Legislative Activity

Finding a Way to Fund the Nation’s Highways…The Debate Continues

Prior to adjourning for the Memorial Day recess, lawmakers passed legislation that extended highway funding authority for a two-month period through July 31. Now, with Congress set to return to Washington this week, lawmakers will yet again be tasked within finding a way to fund the nation’s highways. The upcoming extension, however, will be more difficult than the last given that it will require additional revenue. Unhappy with the most recent two-month extension, Senate Finance Committee Chairman Orrin Hatch (R-UT) is soon likely to unveil his $11 billion proposal to fund the Highway Trust Fund through the end of the year, which is expected to be a mix of a General Fund transfer and a hodgepodge of pay-fors – which he has identified, but not yet revealed.

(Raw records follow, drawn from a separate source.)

Theorem proposition2p2 (R : realType) (d : nat) (q alpha delta : R) :
  (1 <= d)%N -> 1 < q -> d%:R / q < alpha -> alpha < d%:R -> 0 < delta ->
  exists C : R, 0 < C /\
    forall (r : R) (u : d.-tuple R -> R), 0 < r -> measurable_fun setT u ->
      (lebint (fun x => (if r <= enorm x
                         then `|u x| / (enorm x `^ (alpha - d%:R / q + delta))
                         else 0)%:E)
         <= (C / r `^ delta)%:E * Lqnorm q (riesz_conv alpha u))%E /\
      (lebint (fun x => (if enorm x < r
                         then `|u x| / (enorm x `^ (alpha - d%:R / q - delta))
                         else 0)%:E)
         <= (C * r `^ delta)%:E * Lqnorm q (riesz_conv alpha u))%E.
Proof.
move=> d1 q1 dq_alpha _ delta0.
have alpha0 : 0 < alpha.
  by apply: le_lt_trans dq_alpha; rewrite divr_ge0 ?ler0n// ltW// (lt_trans ltr01).
have Cf_gt0 := far_const_gt0 (q := q) (alpha := alpha) d1 delta0.
have Cn_ge0 := near_const_ge0 (q := q) (alpha := alpha) delta0.
exists (far_const d q alpha delta + near_const d q alpha delta).
split=> [|r u r0 mu]; first by rewrite ltr_wpDr.
have rdelta0 : 0 < r `^ delta by rewrite powR_gt0.
split; apply: (le_Lqnorm q1) => [|p Ip].
- by rewrite divr_gt0// ltr_wpDr.
- apply: le_trans (far_estimate d1 q1 alpha0 delta0 mu Ip r0) _.
  rewrite lee_fin; apply: ler_wpM2r; first exact: powR_ge0.
  by apply: ler_wpM2r; rewrite ?invr_ge0 ?(ltW rdelta0) ?lerDl.
- by rewrite mulr_gt0// ltr_wpDr.
- apply: le_trans (near_estimate d1 q1 alpha0 delta0 mu Ip r0) _.
  rewrite lee_fin; apply: ler_wpM2r; first exact: powR_ge0.
  by apply: ler_wpM2r; rewrite ?(ltW rdelta0) ?lerDr ?(ltW Cf_gt0).
Qed.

In terms of how to actually pay for a six-year surface transportation reauthorization, it appears that lawmakers on the Senate Finance Committee are likely to propose using repatriation (in the context of international tax reform) as the source of funding. It is expected that such an approach is likely soon to be proposed by the International Tax Reform Working Group, which appears near to reaching an agreement on its recommendations to the full Committee. With regard to the Ways and Means Committee, Representative Charles Boustany (R-LA) is in the process of “trying to write a good bill on international” that will be introduced “in a matter of weeks.”  Notably, Representative Boustany’s focus is in line with Chairman Paul Ryan’s (R-WI) plan to prioritize international tax reform as a “down payment on tax reform.”

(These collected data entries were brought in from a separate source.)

Lemma restrict_ranking_small w s : size s <= 1 -> restrict_ranking w s = s.
Proof.
case: s => [|x [|]] // _; rewrite /restrict_ranking.
  by rewrite (@eq_filter _ _ pred0) ?filter_pred0.
rewrite (@eq_filter _ _ (pred1 x)) => [|y]; last by rewrite mem_seq1.
by rewrite filter_pred1_uniq ?ranking_uniq ?mem_ranking.
Qed.

Section Pair.
Variables v w : vote m.

Lemma separable_restrict_blocks s (A B : {set 'I_m}) :
  sorted (above v) s -> {in s, forall x, (x \in A) || (x \in B)} ->
  has (mem A) s -> has (mem B) s ->
  all_above v A B -> all_above w A B || all_above w B A ->
  separable [seq x <- s | x \in A] (restrict_ranking w [seq x <- s | x \in A]) ->
  separable [seq x <- s | x \in B] (restrict_ranking w [seq x <- s | x \in B]) ->
  separable s (restrict_ranking w s).
Proof.
move=> vs cov hA hB vAB wAB sepA sepB.
have us : uniq s := sorted_uniq (@above_trans v) (@above_irr v) vs.
have covw : {in restrict_ranking w s, forall x, (x \in A) || (x \in B)}.
  by move=> x; rewrite mem_filter => /andP[/cov].
have sortw : sorted (above w) (restrict_ranking w s).
  exact: sorted_filter (@above_trans w) _ _ (ranking_sorted w).
have sA : 0 < size [seq x <- s | x \in A] by rewrite size_filter -has_count.
have sB : 0 < size [seq x <- s | x \in B] by rewrite size_filter -has_count.
rewrite {1}(sorted_filter_cat (@above_irr v) (@above_trans v) vs cov (all_above_in vAB)).
case/orP: wAB => wAB.
- rewrite (sorted_filter_cat (@above_irr w) (@above_trans w) sortw covw (all_above_in wAB)).
  rewrite -!restrict_ranking_filter; apply: separable_cat_keep => //.
  exact/size_restrict_ranking/filter_uniq.
- have covw' : {in restrict_ranking w s, forall x, (x \in B) || (x \in A)}.
    by move=> x /covw; rewrite orbC.
  rewrite (sorted_filter_cat (@above_irr w) (@above_trans w) sortw covw' (all_above_in wAB)).
  rewrite -!restrict_ranking_filter; apply: separable_cat_swap => //.
  exact/size_restrict_ranking/filter_uniq.
Qed.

JCT, CBO Move Forward with Dynamic Scoring

As highlighted previously, the Joint Committee on Taxation (JCT) is well under way in its efforts to use dynamic scoring for estimating the cost of certain significant pieces of legislation. Moreover, given that the FY 2016 Budget Resolution directs both the JCT and the Congressional Budget Office (CBO) to prepare macroeconomic estimates of major tax and spending legislation, the CBO recently indicated that it will “devote considerable attention to further developing our capacity to conduct dynamic analysis in the coming year” and has already shifted resources towards that end. Moreover, according to CBO Director , legislative scores that incorporate dynamic analysis “will include all of the information typically presented in cost estimates as well as information on the macroeconomic effects and the uncertainty surrounding those effects.”

Regulatory Activity

Treasury Proposes Changes to Model Tax Treaty

The Treasury Department has proposed changes the U.S. Model Income Tax Convention – which was last updated in 2006 – in an effort to, among other things: (1) address “special tax regimes” that provide low tax rates on mobile income, such as interest and royalties; (2) prevent U.S. tax treaty partners from encouraging corporate inversions (as dividends paid by an expatriated entity would be able to be taxed in accordance with the domestic law of the United States for a period of ten years beginning on the date on which the acquisition of the domestic entity was completed); and (3) generally discourage base erosion and profit shifting (BEPS). According to Treasury, “[w]e want the draft to influence the debate at the OECD” on BEPS. Treasury is set to meet with the Organisation for Economic Co-operation and Development (OECD) in June to further discuss the BEPS Project.